(* Let $B\colon\mathbf{Set}\to\mathbf{Set}$ be a functor, $\Lambda$ a set and $(\tau_\lambda\colon B\mathbb{R}\to\mathbb{R})_{\lambda\in\Lambda}$ functions such that, for every set $Y$: (1) if $k\colon Y\to\mathbb{R}$ is bounded then $\tau_\lambda\circ Bk$ is bounded; (2) if $k_i\colon Y\to\mathbb{R}$ converges uniformly to $h$ then $\tau_\lambda\circ Bk_i$ converges uniformly to $\tau_\lambda\circ Bh$, for each $\lambda$. Then for every coalgebra $x\colon X\to BX$, the bisimulation uniformity of $x$ coincides with the logical uniformity of $x$, i.e. it is the coarsest uniformity on $X$ making every $[\![\varphi]\!]_x\colon X\to\mathbb{R}$ uniformly continuous.
   Context: For a family $F$ of functions $Y\to\mathbb{R}$, $\mathscr{U}(F)$ is the coarsest uniformity on $Y$ making each $f\in F$ uniformly continuous into $(\mathbb{R},\mathscr{U}_e)$, $\mathscr{U}_e$ the Euclidean uniformity. Formulas: $\varphi::=1\mid\min(\varphi_1,\varphi_2)\mid r+\varphi\mid r\times\varphi\ (r\in\mathbb{R})\mid\heartsuit_\lambda\varphi$; semantics $[\![1]\!]=1$, $\min$ pointwise, $[\![r+\varphi]\!]=r+[\![\varphi]\!]$, $[\![r\times\varphi]\!]=r[\![\varphi]\!]$, $[\![\heartsuit_\lambda\varphi]\!]_x=\tau_\lambda\circ B[\![\varphi]\!]_x\circ x$. Logical uniformity: $\mathscr{U}(\{[\![\varphi]\!]_x\})$. For a uniformity $\mathscr{U}$ on $X$, $\Phi(\mathscr{U})=\mathscr{U}(\{\tau_\lambda\circ Bh\circ x\mid\lambda,\ h\colon(X,\mathscr{U})\to(\mathbb{R},\mathscr{U}_e)$ uniformly continuous$\})$; uniformities are ordered by $\mathscr{U}\sqsubseteq\mathscr{V}$ iff $\mathscr{U}\supseteq\mathscr{V}$, and the bisimulation uniformity is the $\sqsubseteq$-greatest fixed point of $\Phi$. *)

From Stdlib Require Import Reals.
Open Scope R_scope.

Definition is_uniformity {X : Type} (U : (X * X -> Prop) -> Prop) : Prop :=
  U (fun _ => True) /\
  (forall E F : X * X -> Prop, U E -> (forall p, E p -> F p) -> U F) /\
  (forall E F : X * X -> Prop, U E -> U F -> U (fun p => E p /\ F p)) /\
  (forall E, U E -> forall a : X, E (a, a)) /\
  (forall E, U E -> U (fun p => E (snd p, fst p))) /\
  (forall E, U E -> exists F, U F /\
      forall a b c : X, F (a, b) -> F (b, c) -> E (a, c)).

Definition euclid_unif (E : R * R -> Prop) : Prop :=
  exists e, 0 < e /\ forall a b : R, Rabs (a - b) < e -> E (a, b).

Definition unif_cont {X : Type} (U : (X * X -> Prop) -> Prop) (f : X -> R) : Prop :=
  forall E, euclid_unif E -> U (fun p => E (f (fst p), f (snd p))).

(** U(F): the coarsest uniformity on X making each f in F uniformly continuous,
    i.e. the intersection of all uniformities making every f in F uniformly
    continuous (the initial uniformity). *)
Definition unif_gen {X : Type} (F : (X -> R) -> Prop) (E : X * X -> Prop) : Prop :=
  forall U, is_uniformity U -> (forall f, F f -> unif_cont U f) -> U E.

#### Work order:
Take the line that contains "(** U(F): the" and every line after it to the end of the entries above, and reproduce them exactly.

#### Task response:
(** U(F): the coarsest uniformity on X making each f in F uniformly continuous,
    i.e. the intersection of all uniformities making every f in F uniformly
    continuous (the initial uniformity). *)
Definition unif_gen {X : Type} (F : (X -> R) -> Prop) (E : X * X -> Prop) : Prop :=
  forall U, is_uniformity U -> (forall f, F f -> unif_cont U f) -> U E.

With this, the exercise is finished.